The day after I last posted, I noticed new behaviors with the Bald Eagle chicks — they began stretching and flapping their wings…
…and they began feeding themselves — just a little at first, but it’s a milestone.
As with all new skills, wing-flapping takes a lot of practice, and the willingness to fail. They need to practice until they get it right. Once they try to fly, they have to get the basics right the first time.
One of the Eagle chicks spent a fair amount of time staring into the camera this day. I suspect that the lens caught the light and that caught the attention of the chick.
More wing-stretching. Only one chick stretches at a time, often in sessions of fifteen minutes or more at a time. They have also moved closer to the edge of the nest.
A new twist to the wing stretching — hopping as they flap.
I don’t know for sure that this is the same bird, but as I pointed out last fall, it is a little unusual for them to be hunting in the semi-wooded suburbs.
And this bird is hunting. Another neighbor said that he came out to get the morning paper, and it was ripping up a rabbit it had caught in his front yard. He said it didn’t fly off as he approached, so he decided to get the paper later.
Today I heard a Crow burbling as it flew fast overhead. It joined another to harass the Red-tail, at times almost driving it into the ground.

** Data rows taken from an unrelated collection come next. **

(* Let $\Pi_1=\{w\in\mathbb C^2:\operatorname{Im}(w_1+w_2)=0\}$ and $\Pi_2=\{w\in\mathbb C^2:\operatorname{Im}(w_1-w_2)=0\}$, and let $F(w_1,w_2)=(w_1,w_2^2)$. Then $F^{-1}(\Gamma)=\Pi_1\cup\Pi_2$ where $\Gamma=\{\operatorname{Im}(z_1+\sqrt{z_2})=0\}\cup\{\operatorname{Im}(z_1-\sqrt{z_2})=0\}$, and every neighbourhood of $0$ in $\mathbb C^2$ contains a neighbourhood of $0$ that is filled by a continuous family of holomorphic discs with boundaries in $\Pi_1\cup\Pi_2$, contracting to $0$.
   Context: A holomorphic disc is a map from the closed unit disc continuous up to the boundary and holomorphic in the interior; its boundary is the image of the unit circle. *)

From Stdlib Require Import Reals Lra.
Open Scope R_scope.

Definition Cx : Type := (R * R)%type.
Definition Re (z : Cx) : R := fst z.
Definition Im (z : Cx) : R := snd z.
Definition C0 : Cx := (0, 0).
Definition Cadd (z w : Cx) : Cx := (fst z + fst w, snd z + snd w).
Definition Copp (z : Cx) : Cx := (- fst z, - snd z).
Definition Csub (z w : Cx) : Cx := Cadd z (Copp w).
Definition Cmul (z w : Cx) : Cx :=
  (fst z * fst w - snd z * snd w, fst z * snd w + snd z * fst w).
Definition Cnorm (z : Cx) : R := sqrt (fst z * fst z + snd z * snd z).

Definition C2 : Type := (Cx * Cx)%type.
Definition C2zero : C2 := (C0, C0).
Definition C2norm (w : C2) : R :=
  sqrt (Cnorm (fst w) * Cnorm (fst w) + Cnorm (snd w) * Cnorm (snd w)).
Definition C2dist (w v : C2) : R :=
  C2norm (Csub (fst w) (fst v), Csub (snd w) (snd v)).

Definition nbhd0 (S : C2 -> Prop) : Prop :=
  exists r, 0 < r /\ forall w, C2norm w < r -> S w.

Definition Pi1 (w : C2) : Prop := Im (Cadd (fst w) (snd w)) = 0.
Definition Pi2 (w : C2) : Prop := Im (Csub (fst w) (snd w)) = 0.
Definition F (w : C2) : C2 := (fst w, Cmul (snd w) (snd w)).
(* Gamma = {Im(z1 + sqrt z2) = 0} U {Im(z1 - sqrt z2) = 0}: the union over
   both signs means: for one of the two square roots s of z2, Im(z1 + s) = 0. *)
Definition Gamma (z : C2) : Prop :=
  exists s : Cx, Cmul s s = snd z /\ Im (Cadd (fst z) s) = 0.

Definition C_differentiable_at (f : Cx -> Cx) (z : Cx) : Prop :=
  exists L : Cx, forall eps, 0 < eps -> exists delta, 0 < delta /\
    forall h : Cx, 0 < Cnorm h < delta ->
      Cnorm (Csub (Csub (f (Cadd z h)) (f z)) (Cmul L h)) <= eps * Cnorm h.

Definition closed_disc (z : Cx) : Prop := Cnorm z <= 1.
Definition open_disc (z : Cx) : Prop := Cnorm z < 1.
Definition unit_circle (z : Cx) : Prop := Cnorm z = 1.

Definition holomorphic_disc (f : Cx -> C2) : Prop :=
  (forall z, closed_disc z -> forall eps, 0 < eps -> exists delta, 0 < delta /\
     forall z', closed_disc z' -> Cnorm (Csub z' z) < delta ->
       C2dist (f z') (f z) < eps) /\
  (forall z, open_disc z ->
     C_differentiable_at (fun u => fst (f u)) z /\
     C_differentiable_at (fun u => snd (f u)) z).

(* parameter spaces: subsets of R^m, points of R^m as nat -> R
   (only the first m coordinates matter), with the max distance *)
Fixpoint distRm (m : nat) (s t : nat -> R) : R :=
  match m with
  | O => 0
  | S k => Rmax (Rabs (s k - t k)) (distRm k s t)
  end.
Definition eqRm (m : nat) (s t : nat -> R) : Prop := forall i, (i < m)%nat -> s i = t i.

Definition family_continuous (m : nat) (P : (nat -> R) -> Prop)
  (Phi : (nat -> R) -> Cx -> C2) : Prop :=
  forall t z, P t -> closed_disc z -> forall eps, 0 < eps -> exists delta, 0 < delta /\
    forall t' z', P t' -> closed_disc z' -> distRm m t' t < delta ->
      Cnorm (Csub z' z) < delta -> C2dist (Phi t' z') (Phi t z) < eps.

Definition path_in (m : nat) (P : (nat -> R) -> Prop) (a b : nat -> R) : Prop :=
  exists g : R -> (nat -> R),
    eqRm m (g 0) a /\ eqRm m (g 1) b /\
    (forall s, 0 <= s <= 1 -> P (g s)) /\
    (forall s, 0 <= s <= 1 -> forall eps, 0 < eps -> exists delta, 0 < delta /\
       forall s', 0 <= s' <= 1 -> Rabs (s' - s) < delta -> distRm m (g s') (g s) < eps).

This is one of the few times I have seen both the chicks go after the same morsel of food.
Notice that the unhatched egg is no longer visible. I don’t know if they carried off, or if it just finally got buried in nest material.
One of the things that has really surprised me has been the constant remodeling of the nest. Here the male (I think) has brought back a new branch. He hasn’t trimmed it yet, so it obscures the rear chick.

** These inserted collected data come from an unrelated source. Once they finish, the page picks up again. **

Lemma real_induction P x z :
  P x ->
  (forall u, x < u -> u <= z -> (forall v, x <= v -> v < u -> P v) -> P u) ->
  (forall u, x <= u -> u < z -> (forall v, x <= v -> v <= u -> P v) ->
     right_nbhs u P) ->
  forall v, x <= v -> v <= z -> P v.
Proof.
move=> Px left right v xv vz.
pose E u := [/\ x <= u, u <= z & forall w, x <= w -> w <= u -> P w].
have Ex : E x.
  split=> //; first exact: le_trans xv vz.
  by move=> w xw wx; have -> : w = x by apply/le_anti; rewrite wx xw.
have supE : classical_sets.has_sup E by split; [exists x | exists z => u []].
set s := sup E.
have xs : x <= s by apply: sup_upper_bound.
have sz : s <= z by apply: ge_sup => [|u []]; first by exists x.
have below : forall w, x <= w -> w < s -> P w.
  move=> w xw ws; have [e [_ _ Pe] we] := sup_gt (ex_intro _ x Ex) ws.
  by apply: Pe => //; exact: ltW.
have upto : forall w, x <= w -> w <= s -> P w.
  move=> w xw; rewrite le_eqVlt => /predU1P[->|]; last exact: below.
  have [xs'|] := ltrP x s; first exact: left.
  by move=> sx; have -> : s = x by apply/le_anti; rewrite sx xs.
suff zs : z <= s by apply: upto; rewrite // (le_trans vz zs).
rewrite leNgt; apply/negP => sz'.
have [d d_gt0 Hd] := right s xs sz' upto.
pose w := Order.min (s + d / 2) z.
have Ew : E w.
  split=> [||y xy yw].
  - by rewrite le_min; apply/andP; split; lra.
  - by rewrite ge_min lexx orbT.
  - have [ys|sy] := lerP y s; first exact: upto.
    by apply: Hd; move: yw; rewrite le_min => /andP[]; lra.
have := sup_upper_bound supE Ew; rewrite -/s /w ge_min => /orP[]; lra.
Qed.

End RightNeighbourhood.

Section OneSidedCalculus.
Variable R : realType.
Implicit Types (f g : R -> R) (u v w x z c : R).

Lemma cont_from_cst x0 c : cont_from (fun=> c) x0.
Proof. by move=> t _ e e_gt0; exists 1; split=> // u _ _; rewrite subrr normr0. Qed.

Lemma cont_from_affine x0 x c r : cont_from (fun v => c + r * (v - x)) x0.
Proof.
move=> t _ e e_gt0; have r1_gt0 : 0 < `|r| + 1 by rewrite ltr_pwDr.
exists (e / (`|r| + 1)); split=> [|u _ ut]; first by rewrite divr_gt0.
have -> : c + r * (u - x) - (c + r * (t - x)) = r * (u - t) by ring.
rewrite normrM; apply: (@le_lt_trans _ _ ((`|r| + 1) * `|u - t|)).
  by rewrite ler_wpM2r // lerDl.
by rewrite mulrC -ltr_pdivlMr.
Qed.

Lemma cont_fromN f x0 : cont_from f x0 -> cont_from (fun v => - f v) x0.
Proof.
move=> cf t x0t e e_gt0; have [d [d_gt0 Hd]] := cf t x0t e e_gt0.
by exists d; split=> // u x0u ut; rewrite -opprD normrN Hd.
Qed.

Lemma right_derivN f t r : right_deriv f t r -> right_deriv (fun v => - f v) t (- r).
Proof.
move=> df e e_gt0; have [d [d_gt0 Hd]] := df e e_gt0.
by exists d; split=> // h h_gt0 hd; rewrite -opprD mulNr -opprD normrN Hd.
Qed.

Lemma cont_from_le_left f g x0 w u :
  cont_from f x0 -> cont_from g x0 -> x0 <= w -> w < u ->
  (forall v, w <= v -> v < u -> f v <= g v) -> f u <= g u.
Proof.
move=> cf cg x0w wu fg; rewrite leNgt; apply/negP => gf.
have e_gt0 : 0 < (f u - g u) / 2 by rewrite divr_gt0 // subr_gt0.
have x0u : x0 <= u by rewrite (le_trans x0w) // ltW.
have [d1 [d1_gt0 Hf]] := cf u x0u _ e_gt0.
have [d2 [d2_gt0 Hg]] := cg u x0u _ e_gt0.
pose d := Order.min d1 d2; pose v := Order.max w (u - d / 2).
have d_gt0 : 0 < d by rewrite lt_min d1_gt0.
have [dd1 dd2] : d <= d1 /\ d <= d2 by rewrite !ge_min !lexx ?orbT.
have wv : w <= v by rewrite le_max lexx.
have vu : v < u by rewrite gt_max wu /=; lra.
have uv : `|v - u| < d.
  have : u - d / 2 <= v by rewrite le_max lexx orbT.
  by rewrite ltr_norml => ?; apply/andP; lra.
have := Hf v (le_trans x0w wv) (lt_le_trans uv dd1).
have := Hg v (le_trans x0w wv) (lt_le_trans uv dd2).
have := fg v wv vu; rewrite !ltr_norml; lra.
Qed.

Lemma cont_from_lt_right f x0 u c :
  cont_from f x0 -> x0 <= u -> f u < c -> right_nbhs u (fun v => f v < c).
Proof.
move=> cf x0u fuc; have e_gt0 : 0 < c - f u by rewrite subr_gt0.
have [d [d_gt0 Hd]] := cf u x0u _ e_gt0; exists d => // v uv vd.
have : `|v - u| < d by rewrite ger0_norm ?subr_ge0 //; lra.
by move/(Hd v (le_trans x0u uv)); rewrite ltr_norml; lra.
Qed.

Lemma right_deriv_ge f x0 x z c :
  cont_from f x0 -> x0 <= x -> x <= z ->
  (forall u, x <= u -> u < z -> exists2 r, c <= r & right_deriv f u r) ->
  f x + c * (z - x) <= f z.
Proof.
move=> cf x0x; rewrite le_eqVlt => /predU1P[<- _|xz df].
  by rewrite subrr mulr0 addr0.
apply/ler_addgt0Pr => e e_gt0; pose k := e / (z - x).
have k_gt0 : 0 < k by rewrite divr_gt0 // subr_gt0.
have ek : k * (z - x) = e by rewrite divfK // subr_eq0 gt_eqF.
suff /(_ z (ltW xz) (lexx z)) : forall v, x <= v -> v <= z ->
    f x + (c - k) * (v - x) <= f v by rewrite mulrBl ek; lra.
apply: real_induction => [|u xu _ IH|u xu uz IH] /=.
- by rewrite subrr mulr0 addr0.
- apply: (@cont_from_le_left (fun v => f x + (c - k) * (v - x)) f x0 x u) => //.
  exact: cont_from_affine.
- have [r cr dfu] := df u xu uz; have [d [d_gt0 Hd]] := dfu k k_gt0.
  exists d => // v; rewrite le_eqVlt => /predU1P[<- _|uv vd]; first exact: IH.
  have := Hd (v - u); rewrite subr_gt0 uv ltrBlDl => /(_ isT vd).
  have -> : u + (v - u) = v by ring.
  rewrite ltr_norml => /andP[slope _]; have Pu := IH u xu (lexx u).
  set q := (f v - f u) / (v - u) in slope.
  have dq : f v - f u = q * (v - u) by rewrite /q divfK // subr_eq0 gt_eqF.
  nra.
Qed.

Lemma right_deriv_le f x0 x z c :
  cont_from f x0 -> x0 <= x -> x <= z ->
  (forall u, x <= u -> u < z -> exists2 r, r <= c & right_deriv f u r) ->
  f z <= f x + c * (z - x).
Proof.
move=> cf x0x xz df; suff : - f x + - c * (z - x) <= - f z by lra.
apply: (right_deriv_ge (cont_fromN cf) x0x xz) => u xu uz.
have [r rc dfu] := df u xu uz.
by exists (- r); [rewrite lerN2 | exact: right_derivN].
Qed.

End OneSidedCalculus.

Section Counting.
Implicit Types (P Q : nat -> Prop) (m n : nat).

Lemma card_eq_exists P n : (forall j, P j -> j < n)%N -> exists m, card_eq P m.
Proof.
move=> Pn; pose l := [seq j <- iota 0 n | `[< P j >]].
exists (size l), l; split=> //; first by rewrite filter_uniq ?iota_uniq.
move=> j; rewrite mem_filter mem_iota add0n /=.
by split=> [Pj|/andP[/asboolP //]]; rewrite asboolT ?Pn.
Qed.

Lemma card_eq_leq P Q m n :
  (forall j, P j -> Q j) -> card_eq P m -> card_eq Q n -> (m <= n)%N.
Proof.
move=> PQ [l [ul Pl <-]] [l' [ul' Ql' <-]].
by apply: uniq_leq_size => // j /Pl /PQ /Ql'.
Qed.

Lemma card_eq_ext P Q m : (forall j, P j <-> Q j) -> card_eq P m -> card_eq Q m.
Proof. by move=> PQ [l [ul Pl <-]]; exists l; split=> // j; rewrite -PQ. Qed.

Lemma card_eq_gt0 P m j : P j -> card_eq P m -> (0 < m)%N.
Proof. by move=> Pj [l [_ /(_ j) [/(_ Pj) jl _] <-]]; case: l jl. Qed.

End Counting.

Section Subsystems.
Variables (R : realType) (K : nat) (mu : 'I_K -> R) (p : {set 'I_K} -> R).
Implicit Types (S c : {set 'I_K}) (s : 'I_K).

Lemma Lset_sub S : Lset mu p S \subset S.
Proof. by rewrite /Lset; case: ifP => _; rewrite setIdE subsetIl. Qed.

Lemma Lset_nonempty S (s0 : 'I_K) : s0 \in S -> exists s, s \in Lset mu p S.
Proof.
move=> s0S; rewrite /Lset; case: ifP => [/existsP[s /andP[sS ls0]]|_].
  by exists s; rewrite inE sS ls0.
have [s sS smax] := @arg_maxP _ R _ s0 (mem S) (fun s => mu s / load p S s) s0S.
by exists s; rewrite inE; apply/andP; split=> //; apply/forall_inP.
Qed.

Lemma Sset_card i : (#|Sset mu p i| <= K - i)%N.
Proof.
elim: i => [|i IHi] /=; first by rewrite cardsT card_ord subn0.
have [->|[s0 s0S]] := set_0Vmem (Sset mu p i); first by rewrite set0D cards0.
have [s sL] := Lset_nonempty s0S.
have ltS : (#|Sset mu p i :\: Lset mu p (Sset mu p i)| < #|Sset mu p i|)%N.
  apply/proper_card/properP; split; first exact: subsetDl.
  by exists s; rewrite ?inE ?sL // (subsetP (Lset_sub _)).
by rewrite subnS -ltnS (leq_trans ltS) // (leq_trans IHi) // leqSpred.
Qed.

Lemma inR_exists c : 0 < p c -> c != set0 -> exists2 s, s \in c & inR mu p c s.
Proof.
move=> pc_gt0 /set0Pn[s0 s0c]; apply: contrapT => noR.
have c_sub i : c \subset Sset mu p i.
  elim: i => [|i IHi] /=; first exact: subsetT.
  apply/subsetP => s sc; rewrite inE (subsetP IHi s sc) andbT.
  apply/negP => sL; apply: noR; exists s => //; exists i.
  by rewrite inE pc_gt0 IHi.
have := subsetP (c_sub K) s0 s0c.
by have := Sset_card K; rewrite subnn leqn0 cards_eq0 => /eqP->; rewrite inE.
Qed.

End Subsystems.

Section Status.
Variables (R : realType) (K : nat) (mu : 'I_K -> R) (p : {set 'I_K} -> R).
Variables (typ : nat -> {set 'I_K}) (arr b : nat -> R) (a : nat -> 'I_K -> R -> R).

Definition same_status u w :=
  (forall i, arr i <= w <-> arr i <= u) /\
  (forall i s, s \in typ i -> arr i <= u -> (a i s w < b i <-> a i s u < b i)).

Variables (u w : R).
Hypothesis same : same_status u w.

Lemma presentO_same_status i : presentO typ arr b a i w <-> presentO typ arr b a i u.
Proof.
have [same_arr same_lt] := same; split=> -[ai unfinished].
  have iu := (same_arr i).1 ai.
  by split=> // s si; apply/(same_lt i s si iu)/unfinished.
by split=> [|s si]; [apply/same_arr | apply/(same_lt i s si ai)/unfinished].
Qed.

The adult bird really has no idea how big this branch is, and just smacked the chick in the foreground with it.
The chicks are beginning to stretch their wings.
As the chicks grow, they are becoming more active, and more curious. The chick in the background has been wrestling with the piece of wood, while the one in the foreground seems to be checking out the camera. Notice that their juvenile feathers are coming in.
It was a windy day in Platteville — the nest was rocking back and forth a fair amount. This chick very deliberately stood up, spread it’s feet, and started stretching it’s wings, evidently enjoying the feel of the wind going over them.
Mama eagle shades the chicks. At this point, they are 9 days old.
Up until this day, I hadn’t seen them out of the central depression, where the failed egg remains. But once they started exploring, they rambled all over.
I’m a little annoyed, because Mama eagle is in the way of a nice shot of the little ones. There were two cameras on the nest, but the bomb cyclone took out one of them, so I can’t switch for a better view.
Oh! I get it now! Mom providing shade for the chicks while they sleep. Now that I understand what she’s doing, I see that she actually shades them a lot.
You can see the remains of a fish at her feet. The failed egg is still in the nest, too.
She spends a lot of time feeding them.
The last couple of days, the male has been covering the chicks up with nest material. I have no idea why.
The male has covered the chicks up. The female finally took nesting material out of his beak and put it back where he had picked it up. Hah! I could practically hear her saying “Will you just stop?”
Not only have the chicks grown, they are beginning to lose their downy feathers, and their beaks and talons are turning from black to grey.
Above: The female has already fed the right hand chick the first half of the fish in her beak. A previous fish is in the left foreground.
I always thought that it was kinda a free-for-all at feeding time for birds — the chicks opened their beaks as wide as they could and the adult dropped food into the biggest mouth. That hasn’t been the case with the eagles — one chick is fed until it is full, then the other is fed. This could be a problem in lean years, but the male has kept the nest full of fish this year.
It took her 8 minutes to feed the second half of the fish to the left chick. By the time she finished, all that remains of the fish are under her talons — not much. She feeds them several times a day, not always as much, but a lot.